As part of its submarine force renewal program, the RSN is acquiring four Type 218SG submarines from Germany to improve the operational and combat capabilities of its submarine fleet. These new submarines will be having far more capabilities and durability — and are built to stay submerged about 50% longer — than those of the existing ones.

It’s worth mentioning here that submarines, unlike surface warships that have both peactime and wartime functions, is built to shoot and destroy targets as well as to conduct surveillance, even surveilling foreign coasts to gather vital intelligence. The very fact that a small city-state like Singapore has submarines in operation and is now renewing its fleet with even more capable submarines — shows how ambitious Singaporean navy has become about increasing its naval power.

Because of the larger capacity, these submarines have plenty of scopes for future upgrades, meaning that these submarines could be equipped with weapon systems such as long-range missiles to carry-out an offensive strike.

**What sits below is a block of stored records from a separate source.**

(* For every $\epsilon\in(0,1)$ there is an instance consisting of $E=\{e_1,e_2,e_3\}$, $O=\{o_1,o_2\}$, a prior $p$ whose support is $U^+=\{\phi_1,\phi_2,\phi_3\}$ with $\phi_i(e_i)=o_1$ and $\phi_i(e_j)=o_2$ for $j\ne i$, and the utility $f(S,\phi)=\epsilon\cdot\mathbf 1[e_1\in S]+\sum_{i\in\{2,3\}}\mathbf 1[e_i\in S]\,\mathbf 1[\phi(e_i)=o_2]$, such that: $f$ is pointwise monotone and pointwise submodular, worst-case monotone, and satisfies minimal dependency; yet for cardinality $k=2$ the adaptive worst-case greedy policy $\pi^g$ (with any tie-breaking) satisfies $f_{wc}(\pi^g)=\epsilon$, while $f_{wc}(\pi^*_{wc})=1$ for an optimal policy $\pi^*_{wc}$ among policies selecting at most $2$ items. In particular, pointwise submodularity together with worst-case monotonicity and minimal dependency does not imply worst-case submodularity, and under these hypotheses the approximation ratio of $\pi^g$ can be arbitrarily close to $0$.
   Context: Setting. $E$ is a finite set of items, $O$ a finite set of states, a realization is $\phi:E\to O$, $p$ a prior on realizations, $\Phi\sim p$, $U^+=\{\phi:p(\phi)>0\}$. A partial realization is $\psi:S\to O$, $S=\mathrm{dom}(\psi)\subseteq E$, identified with its set of pairs; $\phi\sim\psi$ means $\phi$ agrees with $\psi$ on $\mathrm{dom}(\psi)$; only $\psi$ with $\Pr[\Phi\sim\psi]>0$ are considered and $p(\phi\mid\psi)=\Pr[\Phi=\phi\mid\Phi\sim\psi]$. $f(S,\psi)=\mathbb{E}[f(S,\Phi)\mid\Phi\sim\psi]$. For $e\notin\mathrm{dom}(\psi)$, $O(e,\psi)=\{o:\exists\phi,\ p(\phi\mid\psi)>0,\ \phi(e)=o\}$ and $f_{wc}(e\mid\psi)=\min_{o\in O(e,\psi)}\{f(\mathrm{dom}(\psi)\cup\{e\},\psi\cup\{(e,o)\})-f(\mathrm{dom}(\psi),\psi)\}$. $f$ is worst-case submodular if $f_{wc}(e\mid\psi)\ge f_{wc}(e\mid\psi')$ for all $\psi\subseteq\psi'$ and $e\notin\mathrm{dom}(\psi')$; worst-case monotone if $f_{wc}(e\mid\psi)\ge0$ always. $f$ satisfies minimal dependency if $f(\mathrm{dom}(\psi),\psi)=f(\mathrm{dom}(\psi),\phi)$ for all $\psi$ and $\phi\in U^+$ with $\phi\sim\psi$. $f$ is pointwise submodular (resp. pointwise monotone) if for each $\phi\in U^+$ the set function $S\mapsto f(S,\phi)$ is submodular (resp. monotone nondecreasing). A (deterministic) policy, given the current observed partial realization, selects a new item or stops; $E(\pi,\phi)$ is the set it selects under $\phi$, and $f_{wc}(\pi)=\min_{\phi\in U^+}f(E(\pi,\phi),\phi)$. The adaptive worst-case greedy policy $\pi^g$ for cardinality $k$: with $\psi_0=\emptyset$, for $t=1,\dots,k$ select $e_t\in\arg\max_{e\in E\setminus\mathrm{dom}(\psi_{t-1})}f_{wc}(e\mid\psi_{t-1})$, observe its state and set $\psi_t=\psi_{t-1}\cup\{(e_t,\Phi(e_t))\}$. $\pi^*_{wc}$ maximizes $f_{wc}(\pi)$ over policies with $|E(\pi,\phi)|\le k$ for all $\phi\in U^+$. *)

From HB Require Import structures.
From mathcomp Require Import all_boot all_order all_algebra.
Set Implicit Arguments. Unset Strict Implicit. Unset Printing Implicit Defensive.
Import Order.TTheory GRing.Theory Num.Theory.
Local Open Scope ring_scope.

Section General.
Variables (E O : finType) (R : realFieldType).

Definition realization := {ffun E -> O}.
(** partial realizations psi : S -> O, encoded as E -> option O with
    dom psi = { e | psi e <> None } *)
Definition prealization := {ffun E -> option O}.

Definition dom (psi : prealization) : {set E} := [set e | psi e != None].
Definition empty_pr : prealization := [ffun _ => None].
Definition ext (psi : prealization) (e : E) (o : O) : prealization :=
  [ffun x => if x == e then Some o else psi x].
Definition agrees (phi : realization) (psi : prealization) : bool :=
  [forall e, if psi e is Some o then phi e == o else true].
Definition subpr (psi psi' : prealization) : Prop :=
  forall e o, psi e = Some o -> psi' e = Some o.

Variable p : realization -> R.
Variable f : {set E} -> realization -> R.

Definition Usupp (phi : realization) : bool := 0 < p phi.
Definition prior_ok : Prop := (forall phi, 0 <= p phi) /\ \sum_phi p phi = 1.

Definition PrC (psi : prealization) : R := \sum_(phi | agrees phi psi) p phi.
Definition pcond (phi : realization) (psi : prealization) : R :=
  if agrees phi psi then p phi / PrC psi else 0.
Definition fexp (S : {set E}) (psi : prealization) : R :=
  \sum_phi pcond phi psi * f S phi.

Definition minr_seq (s : seq R) : R := \big[Order.min/head 0 s]_(x <- s) x.

Definition Oset (e : E) (psi : prealization) : {set O} :=
  [set o | [exists phi, (0 < pcond phi psi) && (phi e == o)]].

Definition fwc (e : E) (psi : prealization) : R :=
  minr_seq [seq fexp (e |: dom psi) (ext psi e o) - fexp (dom psi) psi
           | o <- enum (Oset e psi)].

Definition wc_submodular : Prop :=
  forall psi psi' e, 0 < PrC psi -> 0 < PrC psi' -> subpr psi psi' ->
    e \notin dom psi' -> fwc e psi' <= fwc e psi.
Definition wc_monotone : Prop :=
  forall psi e, 0 < PrC psi -> e \notin dom psi -> 0 <= fwc e psi.
Definition min_dependency : Prop :=
  forall psi phi, 0 < PrC psi -> Usupp phi -> agrees phi psi ->
    fexp (dom psi) psi = f (dom psi) phi.
Definition pw_submodular : Prop :=
  forall phi, Usupp phi -> forall (S T : {set E}) e, S \subset T -> e \notin T ->
    f (e |: T) phi - f T phi <= f (e |: S) phi - f S phi.
Definition pw_monotone : Prop :=
  forall phi, Usupp phi -> forall (S T : {set E}), S \subset T -> f S phi <= f T phi.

There’s more to the Singapore’s naval ambitions. Take for example the Joint Multi-Mission Ships (JMMSs), one of the RSN’s major new procurements. With full-length flight deck, these vessels would be almost 540 feet long with an estimated displacement of around 14,500 tons, and are expected to carry five medium and two heavy helicopters on a flight deck. What’s more, these vessels could potentially support limited operations of fixed-wing aircraft, including the F-35B warplanes which Singapore airforce is expected to purchase from the U.S. sometime in near future. Therefore, these vessels could potentially serve as aircraft carriers.

The RSN is also very well aware of the fact that wars these days are fought from a distant with the help of unmanned drones and unmanned vessels that carry cameras and weapons in order to see farther and respond quicker. Hence, the RSN plans to procure new vessels that will be having multiple unmanned air and surface vehicles to extend their reach and flexibility against threats. Take the eight new Littoral Mission Vessels (LMVs) for example. These LMVs will have a helicopter landing pad that will be able to carry an unmanned aerial vehicle. The aforesaid JMMSs and the new Multi-Role Combat Vessels (MRCVs) too will have unmanned air and surface vehicles.

Being Wealthy Helps

An Asian financial hub, the city-state of Singapore has a lot of wealth. The tiny landmass of the state and the already developed infrastructures allow the Singaporean government to allocate comparatively lesser wealth on infrastructures and other conventional sectors and to invest more on innovation and technology as well as defense and security. This is how the tiny state affords to make the quality defense procurements.

Singapore has been the Southeast-Asia’s largest military spender for several years now. Singapore was the top regional military spender in 2018 with an expenditure of US$10.8 billion and the Southeast Asian neighbour with the closest figures was Indonesia with an expenditure of US$7.4 billion. For 2019, Singapore has allocated US$11.4 billion for defense on its budget — something which amounts to about 19 percent of total government expenditures and around 3.3 percent of national GDP.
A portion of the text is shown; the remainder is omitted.